You need to get four sets of data from other students: two sets
of the same kind of M&M's, and two of the other kind.
You will do F and t tests for these sets against your own
set. When you do a set that matches the type you have, say
plain vs plain, the F test should say that the variances are the
same, and you will then do a t test assuming equal variances.
When you do a test using two different kinds of M&Ms, plain
vs peanut, the T test should say that the variances are not
equal, and you should then do a t test assuming unequal
variances.
Sample and Measurements. Each student will receive a
bag containing about 20 M&Ms; they may be plain or peanut
M&Ms.

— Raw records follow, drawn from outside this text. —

Definition step (faulty : {set 'I_n}) (prop : 'I_n -> bool)
    (C : config) (l : label) (C' : config) : Prop :=
  match l with
  | LDeliver p =>
      p \in net C /\ net C' = rem p (net C) /\ sigs C' = sigs C /\
      loc C' = (if pdst p \in faulty then loc C
                else upd (loc C) (pdst p) (receive (loc C (pdst p)) (psrc p) (ppl p)))
  | LLocal i =>
      i \notin faulty /\
      exists s' out, lstep i (prop i) (loc C i) s' out /\ loc C' = upd (loc C) i s' /\
        match out with
        | None => net C' = net C /\ sigs C' = sigs C
        | Some pl => net C' = net C ++ bcast_packets i pl /\ sigs C' = rcons (sigs C) pl.1
        end
  | LTimer i k =>
      i \notin faulty /\ started (loc C i) k /\ ~~ expired (loc C i) k /\
      loc C' = upd (loc C) i (expire (loc C i) k) /\ net C' = net C /\ sigs C' = sigs C
  | LByz ps =>
      (* Byzantine processes send arbitrary packets on their own channels,
         but cannot forge signatures of non-faulty processes *)
      (forall p, p \in ps -> psrc p \in faulty) /\
      (forall p x, p \in ps -> x \in (ppl p).1 :: (ppl p).2 ->
                   signer x \notin faulty -> x \in sigs C) /\
      net C' = net C ++ ps /\ loc C' = loc C /\ sigs C' = sigs C
  | LIdle => C' = C
  end.

Definition execution (faulty : {set 'I_n}) (prop : 'I_n -> bool)
    (C : nat -> config) (lab : nat -> label) : Prop :=
  C 0 = init_config /\
  (forall k, step faulty prop (C k) (lab k) (C k.+1)) /\
  (forall k p, p \in net (C k) -> pdst p \notin faulty ->
     exists k', k <= k' /\ lab k' = LDeliver p) /\
  (forall k (i : 'I_n) j, i \notin faulty -> started (loc (C k) i) j ->
     exists k', k <= k' /\ expired (loc (C k') i) j) /\
  (* weak fairness: non-faulty processes keep taking enabled local steps *)
  (forall k (i : 'I_n), i \notin faulty ->
     (forall k', k <= k' -> lenabled i (prop i) (loc (C k') i)) ->
     exists k', k <= k' /\ lab k' = LLocal i).

End Model.

(* By induction on r, every correct process completes round r and broadcasts a
   valid AUX[r] message.  A correct process only waits for timers, which expire,
   for a value of values_i, and for n - t round-r messages; the last two are
   supplied by the valid broadcasts of all correct processes in the previous and
   in the current round, delivered together with their proofs.  Once all correct
   processes have sent valid AUX[r] messages, round r + 1 is justified: for r = 0
   some value occurs t + 1 times among the more than 2t correct votes; otherwise,
   with b = r mod 2, either a correct process voted b, and the proofs it attached
   justify b again in round r + 1, or all correct processes voted ~b. *)

From mathcomp Require Import all_boot zify.
From Stdlib Require Import Classical.

Set Implicit Arguments.
Unset Strict Implicit.

Lemma eventually_forall (T : finType) (P : T -> nat -> Prop) :
  (forall x k k', k <= k' -> P x k -> P x k') ->
  (forall x, exists k, P x k) -> exists K, forall x, P x K.
Proof.
move=> P_mono P_ev.
suff [K HK] : exists K, forall x, x \in enum T -> P x K.
  by exists K => x; apply: HK; rewrite mem_enum.
elim: (enum T) => [|x s [K HK]]; first by exists 0.
have [kx Px] := P_ev x; exists (maxn kx K) => y; rewrite inE => /predU1P [-> | ys].
  exact: P_mono (leq_maxl _ _) Px.
exact: P_mono (leq_maxr _ _) (HK _ ys).
Qed.

Section LocalState.
Variables (n t : nat).
Implicit Types (s : lstate n).

Definition progress s : nat :=
  match pc s with
  | PInit => 3
  | PStart => 4 * (rnd s).+1
  | PWait1 => (4 * rnd s).+1
  | PWait2 => (4 * rnd s).+2
  | PWait3 => (4 * rnd s).+3
  end.

Definition waiting (p : pcT) : bool :=
  match p with PInit | PStart => false | _ => true end.

Record wf_lstate s : Prop := WfLState {
  wf_wait1 : pc s = PWait1 -> started s (2 * rnd s);
  wf_wait3 : pc s = PWait3 -> started s (2 * rnd s).+1;
  (* keeps [PWait3] of round 0 from sharing progress 3 with [PInit] *)
  wf_rnd : waiting (pc s) -> 0 < rnd s }.

Record grows s s' : Prop := Grows {
  grows_aux : {subset aux s <= aux s'};
  grows_expired : forall k, expired s k -> expired s' k }.

Lemma grows_refl s : grows s s.
Proof. by split. Qed.

Lemma grows_trans s2 s1 s3 : grows s1 s2 -> grows s2 s3 -> grows s1 s3.
Proof.
by case=> A1 E1 [A2 E2]; split=> [x /A1 /A2|k /E1 /E2].
Qed.

Lemma lstep_progress i vi s s' out :
  lstep t i vi s s' out -> progress s' = (progress s).+1.
Proof.
rewrite /lstep /progress.
by case: (pc s) => [[-> _]|[-> _]|[_ [-> _]]|[_ [-> _]]|[_ [-> _]]] //=; lia.
Qed.

Lemma lstep_grows i vi s s' out : lstep t i vi s s' out -> grows s s'.
Proof.
rewrite /lstep.
by case: (pc s) => [[-> _]|[-> _]|[_ [-> _]]|[_ [-> _]]|[_ [-> _]]];
  split=> //= x hx; rewrite hx.
Qed.

Lemma lstep_wf i vi s s' out : lstep t i vi s s' out -> wf_lstate s -> wf_lstate s'.
Proof.
move=> hs [w1 w3 wr]; move: hs w1 w3 wr; rewrite /lstep.
case: (pc s) => [[-> _]|[-> _]|[_ [-> _]]|[_ [-> _]]|[_ [-> _]]] w1 w3 wr;
  split=> //= *; by rewrite ?eqxx ?orbT ?wr.
Qed.

Definition passive_update s s' : Prop :=
  [\/ s' = s, exists src pl, s' = receive t s src pl | exists k, s' = expire s k].

Lemma passive_grows s s' : passive_update s s' -> grows s s'.
Proof.
case=> [->|[src [pl ->]]|[k ->]]; split=> //= x hx; rewrite ?hx //.
by case: ifP => _ //; rewrite mem_cat hx.
Qed.

Lemma passive_progress s s' : passive_update s s' -> progress s' = progress s.
Proof. by case=> [->|[src [pl ->]]|[k ->]]. Qed.

Lemma passive_wf s s' : passive_update s s' -> wf_lstate s -> wf_lstate s'.
Proof. by case=> [->|[src [pl ->]]|[k ->]] [*]; split. Qed.

Lemma progress_init s : wf_lstate s -> progress s = 3 -> pc s = PInit.
Proof.
case=> _ _ wr; rewrite /progress.
by case: (pc s) wr => //= [_|wr|wr|wr] h; [lia | have := wr isT; lia ..].
Qed.

Ltac decode_progress :=
  rewrite /progress; case: (pc _) => /= h; first [by split=> //; lia | exfalso; lia].

Lemma progress_start s r : progress s = 4 * r.+1 -> pc s = PStart /\ rnd s = r.
Proof. decode_progress. Qed.

Lemma progress_wait1 s r : progress s = (4 * r.+1).+1 -> pc s = PWait1 /\ rnd s = r.+1.
Proof. decode_progress. Qed.

Lemma progress_wait2 s r : progress s = (4 * r.+1).+2 -> pc s = PWait2 /\ rnd s = r.+1.
Proof. decode_progress. Qed.

Lemma progress_wait3 s r : progress s = (4 * r.+1).+3 -> pc s = PWait3 /\ rnd s = r.+1.
Proof. decode_progress. Qed.

Lemma bcast_exists j s r : (exists v, in_values t s r v) -> exists pl, bcast t j s r pl.
Proof.
move=> [v v_in]; rewrite /bcast /=; move: (~~ odd r) => bv.
suff [est [rule [pr [sub V]]]] : exists est,
    (coord_sent s r est /\ in_values t s r est
     \/ (forall p, coord_sent s r p -> ~ in_values t s r p) /\
        (in_values t s r bv /\ est = bv \/ ~ in_values t s r bv /\ est = ~~ bv))
    /\ in_values t s r est.
  by exists ((j, r, est), pr), est; do !split.
case: (classic (exists p, coord_sent s r p /\ in_values t s r p)) => [[p [cp pv]]|no_coord].
  by exists p; split; [left|].
have no_coord' p : coord_sent s r p -> ~ in_values t s r p.
  by move=> cp pv; apply: no_coord; exists p.
case: (classic (in_values t s r bv)) => bv_in.
  by exists bv; split=> //; right; split=> //; left.
exists (~~ bv); split; first by right; split=> //; right.
by case: v bv v_in bv_in => [] [] // v_in /(_ v_in) [].
Qed.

Weigh the mass of each M&M in grams on the new
Mettler-Toledo XS204 balances in the balance room. In your
notebook record the color and mass of each M&M. Record all digits from the balance!
Be sure to make the M&Ms "disappear" after you have
weighed them.
Analysis. 1 Descriptive Statistics:
Compute the "descriptive statistics" of your data. This
will usually include the count or sample size, the average, the
standard deviation, the standard error (aka the standard deviation in the mean), and
the 95% confidence limits. The minimum, the maximum, and the
range are also useful.
Excel. Probably the easiest way to
do this is to use the "Descriptive Statistics" function in the Data
Analysis Tool Pak in Excel. Place all your data in a
column of a worksheet. Then click on "Data Analysis ..." in
the Tools menu of Excel, and select "Descriptive Statistics" from
the alphabetical list. The Descriptive Stats routine will want
you to select a range for your data. Check the box for
"Summary Statistics". The "New Worksheet Ply" means that the
output will be placed on a brand new sheet in the workbook.

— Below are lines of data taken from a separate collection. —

(* Let $(x_j)_{j=1}^N$ and $(f_j)_{j=1}^N$ be frames for $\ell_2^M$ with $\|x_j\|=\|f_j\|$ for all $1\leq j\leq N$. Let $A>0$ be a lower frame bound for either $(x_j)_{j=1}^N$ or $(f_j)_{j=1}^N$. Then for all non-zero scalars $(d_j)_{j=1}^N$, if $B$ is a Bessel bound for both $(d_jx_j)_{j=1}^N$ and $(d_j^{-1}f_j)_{j=1}^N$, then $B\geq A$. In particular, if $(x_j)_{j=1}^N$ and $(f_j)_{j=1}^N$ are both tight frames, then they are both tight with the same frame bound $A>0$, and $$A=\min_{d=(d_j)_{j=1}^N}\max\{B_{dX},B_{d^{-1}F}\},$$ where the minimum is over sequences of non-zero scalars, $B_{dX}$ is the optimal Bessel bound of $(d_jx_j)_{j=1}^N$ and $B_{d^{-1}F}$ is the optimal Bessel bound of $(d_j^{-1}f_j)_{j=1}^N$.
   Context: A sequence $(y_j)_{j=1}^N$ in $\ell_2^M$ has Bessel bound $B$ if $\sum_j|\langle x,y_j\rangle|^2\leq B\|x\|^2$ for all $x$ (the optimal Bessel bound is the least such $B$); it is a frame with lower frame bound $A>0$ if moreover $A\|x\|^2\leq\sum_j|\langle x,y_j\rangle|^2$ for all $x$; it is tight with frame bound $A$ if $\sum_j|\langle x,y_j\rangle|^2=A\|x\|^2$ for all $x$. *)

(* Scalars: an arbitrary numClosedFieldType C (e.g. algC or
   the complex numbers); l_2^M is represented by row vectors 'rV[C]_M with the
   standard inner product <x,y> = \sum_i x_i * conj(y_i). *)
From HB Require Import structures.
From mathcomp Require Import all_boot all_order all_algebra.
Set Implicit Arguments. Unset Strict Implicit. Unset Printing Implicit Defensive.
Import Order.TTheory GRing.Theory Num.Theory.
Local Open Scope ring_scope.

Section FrameDefs.
Variable C : numClosedFieldType.

Definition dotp (M : nat) (x y : 'rV[C]_M) : C := \sum_(i < M) x 0 i * (y 0 i)^*.

Definition vnorm (M : nat) (x : 'rV[C]_M) : C := sqrtC (\sum_(i < M) `|x 0 i| ^+ 2).

Definition frame_sum (M N : nat) (y : 'I_N -> 'rV[C]_M) (x : 'rV[C]_M) : C :=
  \sum_(j < N) `|dotp x (y j)| ^+ 2.

Definition bessel_bound (M N : nat) (y : 'I_N -> 'rV[C]_M) (B : C) : Prop :=
  forall x : 'rV[C]_M, frame_sum y x <= B * vnorm x ^+ 2.

Definition optimal_bessel_bound (M N : nat) (y : 'I_N -> 'rV[C]_M) (B : C) : Prop :=
  bessel_bound y B /\ forall B', bessel_bound y B' -> B <= B'.

Definition lower_frame_bound (M N : nat) (y : 'I_N -> 'rV[C]_M) (A : C) : Prop :=
  0 < A /\ forall x : 'rV[C]_M, A * vnorm x ^+ 2 <= frame_sum y x.

Definition is_frame (M N : nat) (y : 'I_N -> 'rV[C]_M) : Prop :=
  exists A B, lower_frame_bound y A /\ bessel_bound y B.

Definition tight_frame (M N : nat) (y : 'I_N -> 'rV[C]_M) (A : C) : Prop :=
  0 < A /\ forall x : 'rV[C]_M, frame_sum y x = A * vnorm x ^+ 2.

Definition scale_seq (M N : nat) (d : 'I_N -> C) (y : 'I_N -> 'rV[C]_M) : 'I_N -> 'rV[C]_M :=
  fun j => d j *: y j.

Definition invscale_seq (M N : nat) (d : 'I_N -> C) (y : 'I_N -> 'rV[C]_M) : 'I_N -> 'rV[C]_M :=
  fun j => (d j)^-1 *: y j.

End FrameDefs.

(* Summing the frame inequalities over an orthonormal basis (e_i) turns each
   frame bound into a bound on the trace sum_j ||y_j||^2 of the frame operator:
   a lower bound A gives A M <= sum_j ||y_j||^2 and a Bessel bound B gives
   sum_j ||y_j||^2 <= B M.  Since |d|^2 + |d|^-2 >= 2 and ||x_j|| = ||f_j||,
   the traces of (d_j x_j) and (d_j^-1 f_j) add up to at least 2 sum_j ||x_j||^2,
   whence 2 A M <= 2 B M.  For tight frames the trace determines the bound, so
   X and F share it, and d = 1 attains it. *)
From HB Require Import structures.
From mathcomp Require Import all_boot all_order all_algebra.
From mathcomp Require Import ring.
Import Order.TTheory GRing.Theory Num.Theory.
Set Implicit Arguments.
Unset Strict Implicit.
Local Open Scope ring_scope.

Lemma two_le_addrV (R : numFieldType) (a : R) : 0 < a -> 2 <= a + a^-1.
Proof.
move=> a_gt0; rewrite -subr_ge0.
have -> : a + a^-1 - 2 = (a - 1) ^+ 2 / a by field; rewrite gt_eqF.
apply: divr_ge0 (ltW a_gt0).
by rewrite -realEsqr rpredB ?gtr0_real.
Qed.

Section FrameTrace.
Variables (C : numClosedFieldType) (M N : nat).
Implicit Types (x : 'rV[C]_M) (y : 'I_N -> 'rV[C]_M).

Lemma vnorm_sqr x : vnorm x ^+ 2 = \sum_i `|x 0 i| ^+ 2.
Proof. by rewrite /vnorm sqrtCK. Qed.

Lemma vnorm_sqr_ge0 x : 0 <= vnorm x ^+ 2.
Proof. by rewrite vnorm_sqr sumr_ge0 // => i _; rewrite exprn_ge0. Qed.

Lemma vnormZ_sqr (a : C) x : vnorm (a *: x) ^+ 2 = `|a| ^+ 2 * vnorm x ^+ 2.
Proof.
by rewrite !vnorm_sqr mulr_sumr; apply: eq_bigr => i _; rewrite mxE normrM exprMn.
Qed.

Lemma dotp_delta_mxl i x : dotp (delta_mx 0 i) x = (x 0 i)^*.
Proof.
rewrite /dotp (bigD1 i) //= mxE !eqxx mul1r big1 ?addr0 // => k /negbTE neq_ki.
by rewrite mxE neq_ki andbF mul0r.
Qed.

Lemma vnorm_delta_mx i : vnorm (delta_mx 0 i : 'rV[C]_M) ^+ 2 = 1.
Proof.
rewrite vnorm_sqr (bigD1 i) //= mxE !eqxx normr1 expr1n big1 ?addr0 //.
by move=> k /negbTE neq_ki; rewrite mxE neq_ki andbF normr0 expr0n.
Qed.

Lemma frame_sum_ge0 y x : 0 <= frame_sum y x.
Proof. by apply: sumr_ge0 => j _; rewrite exprn_ge0. Qed.

Lemma eq_frame_sum y y' : y =1 y' -> frame_sum y =1 frame_sum y'.
Proof. by move=> eq_y x; apply: eq_bigr => j _; rewrite eq_y. Qed.

Lemma eq_tight_frame y y' A : y =1 y' -> tight_frame y A -> tight_frame y' A.
Proof. by move=> eq_y [A_gt0 tight_y]; split=> // x; rewrite -(eq_frame_sum eq_y). Qed.

Lemma scale_seq1 y : y =1 scale_seq (fun=> 1) y.
Proof. by move=> j; rewrite /scale_seq scale1r. Qed.

Lemma invscale_seq1 y : y =1 invscale_seq (fun=> 1) y.
Proof. by move=> j; rewrite /invscale_seq invr1 scale1r. Qed.

Lemma tight_frame_lower y A : tight_frame y A -> lower_frame_bound y A.
Proof. by move=> [A_gt0 tight_y]; split=> // x; rewrite tight_y. Qed.

Lemma bessel_boundW y B B' : B <= B' -> bessel_bound y B -> bessel_bound y B'.
Proof.
by move=> le_BB' bessel_y x; rewrite (le_trans (bessel_y x)) ?ler_wpM2r ?vnorm_sqr_ge0.
Qed.

Lemma bessel_bound_ge0 y B : (0 < M)%N -> bessel_bound y B -> 0 <= B.
Proof.
move=> M_gt0 /(_ (delta_mx 0 (Ordinal M_gt0))).
by rewrite vnorm_delta_mx mulr1; apply: le_trans; apply: frame_sum_ge0.
Qed.

Lemma tight_frame_optimal y A :
  (0 < M)%N -> tight_frame y A -> optimal_bessel_bound y A.
Proof.
move=> M_gt0 [_ tight_y]; split=> [x|B bessel_y]; first by rewrite tight_y.
by have := bessel_y (delta_mx 0 (Ordinal M_gt0)); rewrite tight_y vnorm_delta_mx !mulr1.
Qed.

Definition frame_trace y : C := \sum_j vnorm (y j) ^+ 2.

Lemma frame_traceE y : frame_trace y = \sum_(i < M) frame_sum y (delta_mx 0 i).
Proof.
rewrite /frame_trace /frame_sum exchange_big; apply: eq_bigr => j _.
by rewrite vnorm_sqr; apply: eq_bigr => i _; rewrite dotp_delta_mxl norm_conjC.
Qed.

Lemma bessel_bound_frame_trace y B : bessel_bound y B -> frame_trace y <= B *+ M.
Proof.
move=> bessel_y; rewrite frame_traceE -[M in B *+ M]card_ord -sumr_const.
by apply: ler_sum => i _; have := bessel_y (delta_mx 0 i); rewrite vnorm_delta_mx mulr1.
Qed.

Lemma lower_frame_bound_frame_trace y A : lower_frame_bound y A -> A *+ M <= frame_trace y.
Proof.
move=> [_ lower_y]; rewrite frame_traceE -[M in A *+ M]card_ord -sumr_const.
by apply: ler_sum => i _; have := lower_y (delta_mx 0 i); rewrite vnorm_delta_mx mulr1.
Qed.

Lemma tight_frame_trace y A : tight_frame y A -> frame_trace y = A *+ M.
Proof.
move=> [_ tight_y]; rewrite frame_traceE -[M in A *+ M]card_ord -sumr_const.
by apply: eq_bigr => i _; rewrite tight_y vnorm_delta_mx mulr1.
Qed.

Lemma eq_frame_trace y y' :
  (forall j, vnorm (y j) = vnorm (y' j)) -> frame_trace y = frame_trace y'.
Proof. by move=> eq_norm; apply: eq_bigr => j _; rewrite eq_norm. Qed.

Lemma frame_trace_rescale (X F : 'I_N -> 'rV[C]_M) (d : 'I_N -> C) :
  (forall j, vnorm (X j) = vnorm (F j)) -> (forall j, d j != 0) ->
  frame_trace X *+ 2 <= frame_trace (scale_seq d X) + frame_trace (invscale_seq d F).
Proof.
move=> eq_norm d_neq0; rewrite -sumrMnl -big_split /=; apply: ler_sum => j _.
rewrite !vnormZ_sqr -eq_norm normfV exprVn -mulrDl -mulr_natl.
by rewrite ler_wpM2r ?vnorm_sqr_ge0 ?two_le_addrV ?exprn_gt0 ?normr_gt0.
Qed.

Lemma frame_trace_le_rescaled_bessel (X F : 'I_N -> 'rV[C]_M) d A B1 B2 :
  (0 < M)%N -> (forall j, vnorm (X j) = vnorm (F j)) -> (forall j, d j != 0) ->
  A *+ M <= frame_trace X ->
  bessel_bound (scale_seq d X) B1 -> bessel_bound (invscale_seq d F) B2 ->
  A *+ 2 <= B1 + B2.
Proof.
move=> M_gt0 eq_norm d_neq0 A_le_trace bessel_dX bessel_dF.
suff : A *+ 2 *+ M <= (B1 + B2) *+ M by rewrite lerMn2r gtn_eqF.
rewrite mulrnAC [X in _ <= X]mulrnDl.
apply: le_trans (lerD (bessel_bound_frame_trace bessel_dX)
                      (bessel_bound_frame_trace bessel_dF)).
by apply: le_trans (frame_trace_rescale eq_norm d_neq0); rewrite lerMn2r.
Qed.

Lemma lower_frame_bound_le_rescaled_bessel (X F : 'I_N -> 'rV[C]_M) d A B :
  (0 < M)%N -> (forall j, vnorm (X j) = vnorm (F j)) ->
  lower_frame_bound X A \/ lower_frame_bound F A -> (forall j, d j != 0) ->
  bessel_bound (scale_seq d X) B -> bessel_bound (invscale_seq d F) B -> A <= B.
Proof.
move=> M_gt0 eq_norm lower_XF d_neq0 bessel_dX bessel_dF.
suff : A *+ 2 <= B *+ 2 by rewrite lerMn2r.
apply: (frame_trace_le_rescaled_bessel M_gt0 eq_norm d_neq0 _ bessel_dX bessel_dF).
by case: lower_XF => /lower_frame_bound_frame_trace //; rewrite (eq_frame_trace eq_norm).
Qed.

Lemma tight_frame_bound_unique (X F : 'I_N -> 'rV[C]_M) A A' :
  (0 < M)%N -> (forall j, vnorm (X j) = vnorm (F j)) ->
  tight_frame X A -> tight_frame F A' -> A' = A.
Proof.
move=> M_gt0 eq_norm tight_X tight_F.
apply/eqP; suff : A' *+ M == A *+ M by rewrite eqrMn2r gtn_eqF.
rewrite -(tight_frame_trace tight_X) -(tight_frame_trace tight_F).
by rewrite (eq_frame_trace eq_norm).
Qed.

End FrameTrace.

Theorem proposition4p2 (C : numClosedFieldType) (M N : nat)
    (X F : 'I_N -> 'rV[C]_M) :
  (0 < M)%N ->
  is_frame X -> is_frame F ->
  (forall j, vnorm (X j) = vnorm (F j)) ->
  (forall (A : C) (d : 'I_N -> C) (B : C),
      (lower_frame_bound X A \/ lower_frame_bound F A) ->
      (forall j, d j != 0) ->
      bessel_bound (scale_seq d X) B ->
      bessel_bound (invscale_seq d F) B ->
      A <= B)
  /\
  ((exists AX, tight_frame X AX) -> (exists AF, tight_frame F AF) ->
   exists A : C,
     0 < A /\ tight_frame X A /\ tight_frame F A /\
     (* A is attained by max{B_dX, B_{d^-1}F} for some nonzero d ... *)
     (exists (d : 'I_N -> C) (BX BF : C),
         (forall j, d j != 0) /\
         optimal_bessel_bound (scale_seq d X) BX /\
         optimal_bessel_bound (invscale_seq d F) BF /\
         Num.max BX BF = A) /\
     (* ... and is a lower bound for all such values *)
     (forall (d : 'I_N -> C) (BX BF : C),
         (forall j, d j != 0) ->
         optimal_bessel_bound (scale_seq d X) BX ->
         optimal_bessel_bound (invscale_seq d F) BF ->
         A <= Num.max BX BF)).
Proof.
move=> M_gt0 _ _ eq_norm.
split=> [A d B|[A tight_X] [AF tight_F]].
  exact: lower_frame_bound_le_rescaled_bessel.
have eq_AF := tight_frame_bound_unique M_gt0 eq_norm tight_X tight_F; subst AF.
exists A; split; first by case: tight_X.
do 2![split=> //]; split.
  exists (fun=> 1), A, A; split=> [j|]; first exact: oner_neq0.
  split; first by apply: tight_frame_optimal (eq_tight_frame (scale_seq1 X) tight_X).
  split; last exact: maxxx.
  by apply: tight_frame_optimal (eq_tight_frame (invscale_seq1 F) tight_F).
move=> d BX BF d_neq0 [bessel_dX _] [bessel_dF _].
have cmp_BXF : BX >=< BF.
  by apply: real_comparable; apply: ger0_real; apply: bessel_bound_ge0 M_gt0 _.
apply: (lower_frame_bound_le_rescaled_bessel M_gt0 eq_norm _ d_neq0).
- by left; apply: tight_frame_lower.
- by apply: bessel_boundW bessel_dX; rewrite comparable_le_max // lexx.
- by apply: bessel_boundW bessel_dF; rewrite comparable_le_max // lexx orbT.
Qed.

That probably isn't what you want to do, but although go ahead
and give it a try. A better option is push the "Output Range"

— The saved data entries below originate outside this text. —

(* Consider $N$ agents $$\dot x_i=\sum_{j=1}^N\alpha_{ij}(y_j-y_i),\qquad y_i=\mathrm{sat}_i(x_i),\qquad i\in\mathcal V=\{1,\dots,N\},$$ where the constant weights $\alpha_{ij}\ge0$ define a directed, strongly connected graph with Laplacian $L$, and let $p=(p_1,\dots,p_N)^T$ be the left eigenvector of $L$ for eigenvalue $0$ normalized so that $\sum_i p_i=1$ (so $p_i>0$). Assume not all $x_i(t_0)$ are equal. Then the agents achieve consensus if and only if $$\Big|\sum_{i=1}^N p_i x_i(t_0)\Big|\le\min_{i\in\mathcal V}s_i.$$
   Context: $\mathrm{sat}_i(x)=\mathrm{sign}(x)\min\{|x|,s_i\}$ with $s_i>0$. $L=\mathrm{diag}(A\mathbf 1)-A$, $A=[\alpha_{ij}]$, $\alpha_{ij}>0$ iff $(i,j)$ is an edge. Strongly connected: a directed path exists between any two distinct nodes. Consensus: there is $C$ with $\lim_{t\to\infty}x_i(t)=C$ for all $i$. *)

From Stdlib Require Import Reals Lra Relations.
Open Scope R_scope.

Fixpoint fsum (n : nat) (f : nat -> R) : R :=
  match n with
  | O => 0
  | S m => fsum m f + f m
  end.

Definition sign (x : R) : R :=
  if Rlt_dec 0 x then 1 else if Rlt_dec x 0 then -1 else 0.

Definition sat (si x : R) : R := sign x * Rmin (Rabs x) si.

Definition edge (N : nat) (alpha : nat -> nat -> R) (i j : nat) : Prop :=
  (i < N)%nat /\ (j < N)%nat /\ alpha i j > 0.

Definition strongly_connected (N : nat) (alpha : nat -> nat -> R) : Prop :=
  forall i j, (i < N)%nat -> (j < N)%nat -> i <> j ->
    clos_trans nat (edge N alpha) i j.

Definition laplacian (N : nat) (alpha : nat -> nat -> R) (i j : nat) : R :=
  (if Nat.eq_dec i j then fsum N (fun k => alpha i k) else 0) - alpha i j.

Definition left_null (N : nat) (alpha : nat -> nat -> R) (p : nat -> R) : Prop :=
  forall j, (j < N)%nat -> fsum N (fun i => p i * laplacian N alpha i j) = 0.

Definition is_solution (N : nat) (alpha : nat -> nat -> R) (s : nat -> R)
    (t0 : R) (x : nat -> R -> R) : Prop :=
  forall i t, (i < N)%nat -> t0 <= t ->
    derivable_pt_lim (x i) t
      (fsum N (fun j => alpha i j * (sat (s j) (x j t) - sat (s i) (x i t)))).

Definition consensus (N : nat) (x : nat -> R -> R) : Prop :=
  exists C : R, forall i, (i < N)%nat ->
    forall eps, eps > 0 -> exists T, forall t, t >= T -> Rabs (x i t - C) < eps.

button which will cause the output to be placed on the current
worksheet; however, you must select a 15 x 2 set of cells for the
output. Then click the OK button and the results will spill
out on to the sheet. There will a lot of results! Remove unnecessary statistics such as "skewness"
from the table before you copy it into Word.
If the Data Analysis Tool Pak is not available
on your computer, you can use the functions in the
spreadsheet. The 95% confidence limits are a range defined
by the average plus or minus t times the standard
error:
The correct value of t can be obtained
using TINV(0.05, n-1). n-1 is the number of degrees of
freedom.
Do NOT use the function CONFIDENCE in EXCEL to compute confidence
limits!
The range can be computed as MAX - MIN.
Use the mean and standard deviation to plot a Gaussian curve for
your M&Ms using NORMDIST. Once you have used the data to
find the curve parameters, you don't need the data for
plotting. The function is defined by its mean and standard
deviation, so there is no need to try to compute
the function for each M&M mass; the function should
be plotted over whatever range of numbers lets you see the graph
best.
Sort the M&M data by color. Do a t test on the two most
frequent colors in your set of M&Ms. For example, test
whether the average mass of the blue and yellow M&Ms are
significantly different. Use the instructions below for t
test assuming equal variances.
2 F tests and t tests:
The F test answers the question "Is my standard deviation
significantly different from the standard deviation of another set
of data?" The t test answers the question "Is my mean value
significantly different from mean value of another set of data?"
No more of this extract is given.